Can you explain to me as I still don’t get the thryiod , why I need Levo? And where I can get it from if no doctor will prx me it? How much T3 should I be taking ?
Also do you have any idea on my ferrtin levels why they dropped so much? And what I can do about it? Many thanks
As soon as we take any dose of T3 the pituitary sees this and TSH reduces...turning your own thyroid hormone output down. In effect, becoming more hypothyroid.
Hence vitamin levels dropping
That why T3 is much more difficult to manage than levothyroxine. Same thing does happen with levothyroxine too, but not at such small doses, usually not till up near full replacement dose
Taking any replacement thyroid hormones, doesn’t “top up” your own thyroid output...it replaces it
Levothyroxine is easier to tolerate in early stages.

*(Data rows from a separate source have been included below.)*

(* Suppose that each of the equations $\partial_{\overline z}W=aW+b\overline W$ and $\partial_{\overline z}V=-aV-\overline b\,\overline V$ possesses a Cauchy kernel in $\mathbb C_j$ behaving like $\mathcal O(|z|^{-1})$ as $z\to\infty$. Then such Cauchy kernels are unique (for each of the two equations there is only one Cauchy kernel in $\mathbb C_j$ behaving like $\mathcal O(|z|^{-1})$ as $z\to\infty$).
   Context: Bicomplex numbers: $i,j$ imaginary units, $i^2=j^2=-1$, $ij=ji$; $\mathbb C_i=\{a+ib\}$, $\mathbb C_j=\{a+jb\}$ ($a,b$ real); $\mathbb B=\{u+jv:u,v\in\mathbb C_i\}$, $\overline{u+jv}=u-jv$. Plane $=\mathbb C_j$, $z=x+jy$, $\partial_{\overline z}=\frac12(\partial_x+j\partial_y)$. Norm: with $W^\pm=\operatorname{Sc}W\mp i\operatorname{Vec}W$, $|W|=\frac12(|W^+|+|W^-|)$; $\mathcal O(|z|^{-1})$ means $|z||Z(z)|$ bounded for large $|z|$. Setting: $a,b$ are $\mathbb B$-valued Hölder continuous functions on $\mathbb C_j$; solutions are $\mathbb B$-valued functions with continuous first partials satisfying the equation. A Cauchy kernel in $\mathbb C_j$ is a family $Z^{(-1)}(1,z_0,z)$, $Z^{(-1)}(j,z_0,z)$, $z_0\in\mathbb C_j$, both solutions in $z\ne z_0$, with $\lim_{z\to z_0}(z-z_0)Z^{(-1)}(\alpha,z_0,z)=\alpha$, $\alpha=1,j$. *)

From Stdlib Require Import Reals Lra.
From Coquelicot Require Import Coquelicot.
Open Scope R_scope.

(** * Bicomplex numbers
    W = b0 + i b1 + j b2 + i j b3,  i^2 = j^2 = -1, ij = ji.
    Equivalently W = u + j v with u = b0 + i b1, v = b2 + i b3 in C_i. *)
Record B := mkB { b0 : R; b1 : R; b2 : R; b3 : R }.

Definition Bzero : B := mkB 0 0 0 0.
Definition Bone : B := mkB 1 0 0 0.
Definition Bj : B := mkB 0 0 1 0.

Definition Badd (w v : B) : B :=
  mkB (b0 w + b0 v) (b1 w + b1 v) (b2 w + b2 v) (b3 w + b3 v).
Definition Bopp (w : B) : B := mkB (- b0 w) (- b1 w) (- b2 w) (- b3 w).
Definition Bsub (w v : B) : B := Badd w (Bopp v).
Definition Bscal (r : R) (w : B) : B :=
  mkB (r * b0 w) (r * b1 w) (r * b2 w) (r * b3 w).

(** product, from i^2 = j^2 = -1, ij = ji (hence (ij)^2 = 1) *)
Definition Bmul (a c : B) : B :=
  mkB (b0 a * b0 c - b1 a * b1 c - b2 a * b2 c + b3 a * b3 c)
      (b0 a * b1 c + b1 a * b0 c - b2 a * b3 c - b3 a * b2 c)
      (b0 a * b2 c + b2 a * b0 c - b1 a * b3 c - b3 a * b1 c)
      (b0 a * b3 c + b3 a * b0 c + b1 a * b2 c + b2 a * b1 c).

(** conjugation  conj(u + j v) = u - j v *)
Definition Bconj (w : B) : B := mkB (b0 w) (b1 w) (- b2 w) (- b3 w).

Definition Ci := (R * R)%type.
Definition Ci_mod (c : Ci) : R := sqrt (fst c * fst c + snd c * snd c).
Definition Ci_add (c d : Ci) : Ci := (fst c + fst d, snd c + snd d).
Definition Ci_sub (c d : Ci) : Ci := (fst c - fst d, snd c - snd d).
Definition Ci_mul_i (c : Ci) : Ci := (- snd c, fst c).

Definition Sc (w : B) : Ci := (b0 w, b1 w).
Definition Vec (w : B) : Ci := (b2 w, b3 w).
Definition Bplus (w : B) : Ci := Ci_sub (Sc w) (Ci_mul_i (Vec w)).
Definition Bminus (w : B) : Ci := Ci_add (Sc w) (Ci_mul_i (Vec w)).

Definition Bnorm (w : B) : R := (Ci_mod (Bplus w) + Ci_mod (Bminus w)) / 2.

(** * The plane C_j:  points z = x + j y, represented as pairs (x, y) *)
Definition Pt := (R * R)%type.
Definition zB (z : Pt) : B := mkB (fst z) 0 (snd z) 0.
Definition Pdist (z w : Pt) : R := Bnorm (Bsub (zB z) (zB w)).
Definition Pabs (z : Pt) : R := Bnorm (zB z).

Definition holder (f : Pt -> B) : Prop :=
  exists (mu C : R), 0 < mu <= 1 /\ 0 <= C /\
    forall z w : Pt, z <> w -> Bnorm (Bsub (f z) (f w)) <= C * Rpower (Pdist z w) mu.

Definition comps : list (B -> R) := b0 :: b1 :: b2 :: b3 :: nil.

Definition is_pdx (W : Pt -> B) (z : Pt) (L : B) : Prop :=
  forall c, List.In c comps ->
    is_derive (fun t : R => c (W (t, snd z))) (fst z) (c L).
Definition is_pdy (W : Pt -> B) (z : Pt) (L : B) : Prop :=
  forall c, List.In c comps ->
    is_derive (fun t : R => c (W (fst z, t))) (snd z) (c L).

Definition cont_within (D : Pt -> Prop) (f : Pt -> B) (z : Pt) : Prop :=
  forall eps, 0 < eps -> exists delta, 0 < delta /\
    forall w, D w -> Pdist w z < delta -> Bnorm (Bsub (f w) (f z)) < eps.

Definition dbar_of (Wx Wy : B) : B := Bscal (/ 2) (Badd Wx (Bmul Bj Wy)).

Definition is_solution_on (A Bc : Pt -> B) (D : Pt -> Prop) (W : Pt -> B) : Prop :=
  exists Wx Wy : Pt -> B,
    forall z, D z ->
      is_pdx W z (Wx z) /\ is_pdy W z (Wy z) /\
      cont_within D Wx z /\ cont_within D Wy z /\
      dbar_of (Wx z) (Wy z) = Badd (Bmul (A z) (W z)) (Bmul (Bc z) (Bconj (W z))).

Definition punctured (z0 : Pt) : Pt -> Prop := fun z => z <> z0.

Definition kernel_limit (Z : Pt -> B) (z0 : Pt) (alpha : B) : Prop :=
  forall eps, 0 < eps -> exists delta, 0 < delta /\
    forall z, z <> z0 -> Pdist z z0 < delta ->
      Bnorm (Bsub (Bmul (Bsub (zB z) (zB z0)) (Z z)) alpha) < eps.

(** A Cauchy kernel in C_j for  dbar W = A W + Bc conj W :
    Z1 z0 = Z^{(-1)}(1, z0, .),  Zj z0 = Z^{(-1)}(j, z0, .) *)
Definition cauchy_kernel (A Bc : Pt -> B) (Z1 Zj : Pt -> Pt -> B) : Prop :=
  forall z0 : Pt,
    is_solution_on A Bc (punctured z0) (Z1 z0) /\
    is_solution_on A Bc (punctured z0) (Zj z0) /\
    kernel_limit (Z1 z0) z0 Bone /\
    kernel_limit (Zj z0) z0 Bj.

Definition bigO_inv (Z : Pt -> B) : Prop :=
  exists M R0 : R, forall z, R0 < Pabs z -> Pabs z * Bnorm (Z z) <= M.

Definition decaying_kernel (A Bc : Pt -> B) (Z1 Zj : Pt -> Pt -> B) : Prop :=
  cauchy_kernel A Bc Z1 Zj /\ forall z0, bigO_inv (Z1 z0) /\ bigO_inv (Zj z0).

Definition unique_decaying_kernel (A Bc : Pt -> B) : Prop :=
  forall Z1 Zj Z1' Zj' : Pt -> Pt -> B,
    decaying_kernel A Bc Z1 Zj -> decaying_kernel A Bc Z1' Zj' ->
    forall z0 z, z <> z0 -> Z1 z0 z = Z1' z0 z /\ Zj z0 z = Zj' z0 z.

(** If [D] solves [∂̄D = aD + bD̄] and [V] solves the adjoint equation
    [∂̄V = -aV - b̄V̄], the [j]-coordinate of [D V dz] is a closed 1-form.
    Let [D] be the difference of two kernels with the same [α] at [z0], so that
    [(z - z0) D → 0] and [D = O(1/|z|)], and let [V] be a kernel of the adjoint equation at
    [z1 ≠ z0]. The integral of [D V dz] over a large square tends to [0] since
    [D V = O(|z|^-2)]; it equals the sum of the integrals over small squares around [z0],
    which tend to [0], and around [z1], which tend to [2π b0 (D(z1) α')]. Hence
    [b0 (D(z1) α') = 0] for [α' = 1, j], and applying this also to [i D] gives [D(z1) = 0].
    The adjoint of the adjoint equation is the original one, which gives the second claim. *)

From Stdlib Require Import Reals Lra List FunctionalExtensionality.
From Coquelicot Require Import Coquelicot.
Open Scope R_scope.

(** ∮ P dx + Q dy over the positively oriented boundary of [A,B] × [C,D]. *)
Definition rect_integral (P Q : R -> R -> R) (A B C D : R) : R :=
  RInt (fun x => P x C) A B + RInt (fun y => Q B y) C D
  - RInt (fun x => P x D) A B - RInt (fun y => Q A y) C D.

Definition square_integral (P Q : R -> R -> R) (z : Pt) (r : R) : R :=
  rect_integral P Q (fst z - r) (fst z + r) (snd z - r) (snd z + r).

(** [G] plays the role of [∂P/∂y = ∂Q/∂x]. *)
Definition closed_form_on (U : R -> R -> Prop) (P Q : R -> R -> R) : Prop :=
  exists G : R -> R -> R, forall x y, U x y ->
    ex_derive (fun t => P t y) x /\ ex_derive (fun t => Q x t) y /\
    is_derive (fun t => P x t) y (G x y) /\ is_derive (fun t => Q t y) x (G x y) /\
    continuity_2d_pt G x y.

Lemma continuity_2d_pt_ext_loc f g x y d :
  0 < d -> (forall u v, Rabs (u - x) < d -> Rabs (v - y) < d -> g u v = f u v) ->
  continuity_2d_pt f x y -> continuity_2d_pt g x y.
Proof.
  intros Hd He Hf eps. destruct (Hf eps) as [del H].
  assert (Hm : 0 < Rmin del d) by (apply Rmin_pos; [apply cond_pos|lra]).
  exists (mkposreal _ Hm); simpl; intros u v Hu Hv.
  assert (Hu' := Rlt_le_trans _ _ _ Hu (Rmin_r _ _)).
  assert (Hv' := Rlt_le_trans _ _ _ Hv (Rmin_r _ _)).
  rewrite !He by (rewrite ?Rminus_eq_0, ?Rabs_R0; lra).
  apply H; [apply (Rlt_le_trans _ _ _ Hu) | apply (Rlt_le_trans _ _ _ Hv)]; apply Rmin_l.
Qed.

Lemma continuity_2d_pt_slice_y f x y :
  continuity_2d_pt f x y -> continuous (fun v => f x v) y.
Proof.
  intros H. apply (continuity_pt_filterlim (fun v => f x v)).
  intros eps Heps. destruct (H (mkposreal _ Heps)) as [d Hd].
  exists d; split; [apply cond_pos|]. intros v [_ Hv]. apply Hd; [|exact Hv].
  rewrite Rminus_eq_0, Rabs_R0. apply cond_pos.
Qed.

Lemma segment_between a b z : a <= b -> Rmin a b <= z <= Rmax a b -> a <= z <= b.
Proof. intros Hab. rewrite Rmin_left, Rmax_right by lra. auto. Qed.

Section ClosedForm.

Variables (U : R -> R -> Prop) (P Q : R -> R -> R).
Hypothesis closedPQ : closed_form_on U P Q.

Lemma closed_form_ex_RInt_x a b y :
  (forall x, Rmin a b <= x <= Rmax a b -> U x y) -> ex_RInt (fun x => P x y) a b.
Proof.
  destruct closedPQ as [G HG]; intros HU.
  apply (ex_RInt_continuous (V:=R_CompleteNormedModule)); intros x Hx.
  apply (ex_derive_continuous (K:=R_AbsRing) (fun t => P t y)).
  exact (proj1 (HG x y (HU x Hx))).
Qed.

Lemma closed_form_ex_RInt_y a b x :
  (forall y, Rmin a b <= y <= Rmax a b -> U x y) -> ex_RInt (fun y => Q x y) a b.
Proof.
  destruct closedPQ as [G HG]; intros HU.
  apply (ex_RInt_continuous (V:=R_CompleteNormedModule)); intros y Hy.
  apply (ex_derive_continuous (K:=R_AbsRing) (fun t => Q x t)).
  exact (proj1 (proj2 (HG x y (HU y Hy)))).
Qed.

(** Differentiation under the integral sign followed by the fundamental theorem of
    calculus in [y]; this is where [∂P/∂y = ∂Q/∂x] enters. *)
Lemma derive_vertical_integral C D t e : C <= D -> 0 < e ->
  (forall x y, Rabs (x - t) < e -> C - e < y < D + e -> U x y) ->
  is_derive (fun u => RInt (fun y => Q u y) C D) t (P t D - P t C).
Proof.
  intros HCD He HU. destruct closedPQ as [G HG].
  assert (HU' : forall x y, Rabs (x - t) < e -> C <= y <= D -> U x y)
    by (intros x y Hx Hy; apply HU; lra).
  assert (Ht : forall y, C <= y <= D -> U t y)
    by (intros y Hy; apply HU'; [rewrite Rminus_eq_0, Rabs_R0|]; lra).
  assert (HD : is_derive (fun u => RInt (fun y => Q u y) C D) t
                 (RInt (fun y => Derive (fun u => Q u y) t) C D)).
  { apply (is_derive_RInt_param (fun u y => Q u y)).
    - exists (mkposreal e He); intros u Hu y Hy.
      apply segment_between in Hy; [|lra].
      destruct (HG u y (HU' u y Hu Hy)) as (_ & _ & _ & HQx & _). eexists; exact HQx.
    - intros y Hy. apply segment_between in Hy; [|lra].
      apply (continuity_2d_pt_ext_loc G _ t y e He).
      + intros u v Hu Hv. apply Rabs_lt_between' in Hv.
        destruct (HG u v (HU u v Hu ltac:(lra))) as (_ & _ & _ & HQx & _).
        exact (is_derive_unique _ _ _ HQx).
      + exact (proj2 (proj2 (proj2 (proj2 (HG t y (Ht y Hy)))))).
    - exists (mkposreal e He); intros u Hu.
      apply closed_form_ex_RInt_y; intros y Hy.
      apply segment_between in Hy; [|lra]. apply HU'; auto. }
  replace (P t D - P t C) with (RInt (fun y => Derive (fun u => Q u y) t) C D); [exact HD|].
  rewrite (RInt_ext _ (fun y => G t y)).
  - apply is_RInt_unique, (is_RInt_derive (fun y => P t y)); intros y Hy;
      apply segment_between in Hy; try lra;
      destruct (HG t y (Ht y Hy)) as (_ & _ & HPy & _ & HGc).
    + exact HPy.
    + exact (continuity_2d_pt_slice_y _ _ _ HGc).
  - intros y Hy. rewrite Rmin_left, Rmax_right in Hy by lra.
    destruct (HG t y (Ht y ltac:(lra))) as (_ & _ & _ & HQx & _).
    exact (is_derive_unique _ _ _ HQx).
Qed.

As you are on hydrocortisone you would need to be very careful starting on small dose levothyroxine and increasing very cautiously
Has endocrinologist established why you have such low cortisol
Sorry I should I have said these tests were down before endo prx t3.
One endo think my SST was down wrong then next endo said that some ppl just fall out within range my
Morning cortisol was 216 rise was 300odd I have argued till I’m blue in the face. Spent so much money on endos even saw one that was recommend from the pituarty foundation she can’t makes sense of my results either. Low SST results then next passed so when she got the pass she gave up on me. The last cortisol test I done results were
9am 418 rise 520 and she stopped my HC I spent about 5 months bedridden again and then I saw a functional doc who done a saliva cortisol and I was rock bottoms low and now I’m back on HC. Still no dx. It was secondary then it could have been pituarty then we isdi mri ruled that out. I asked for other testing all was refused.
What about armour thyriod ? Would that be a better one to tolerate if on cortisol if so could you pm me where I. Can get it from and dose to start off with? It has been beyond a nightmare with endos I really don’t ever want to see another again! Xx
No TPO. And I won’t get back of a doc office for a good few months now plus my GP has never done these always had to pay to see a private endo. & they sucked. Yeh strict gluten free now for almost 3 years haven’t noticed anything different in stil severely sick.
I can’t get my doc or endo to prx me levo. Could you pm where I CN get it from? Thank you 💛
Do you use a weekly pill organiser? If you don't you really should - they can be extremely helpful. I take some of my supplements just three times a week, others might be four times a week, some are every day, and I would never remember without the pill organiser what I need to take on any particular day. I save money with the pill organiser too because I reduce the risk of taking more than I need.
You don't need as much B Complex as you are taking, but I wouldn't suggest stopping it altogether. You could take your B Complex just four or five days a week. Another alternative is to cut down from 2 tablets to 1, on say, four days a week. There are lots of possibilities.
Finding the right maintenance dose for anything is a trial and error process that may take ages to get right. But it saves money when you do get it right.
Thank you yes I have a pill box and lovely rainbow one from amazon. Any ideas how to up vitamin d as I was supplementing that with k2 and mag cirate also my ferritin levels dropped too? Thank u
If you want to try iron supplements that's a big subject. They can be bought from pharmacies in the UK without prescription as long as the pharmacist agrees. I've only been refused once, and on that occasion I just went to another pharmacy from a different chain. Personally, I usually buy from Lloyds Pharmacies or Tesco Pharmacies.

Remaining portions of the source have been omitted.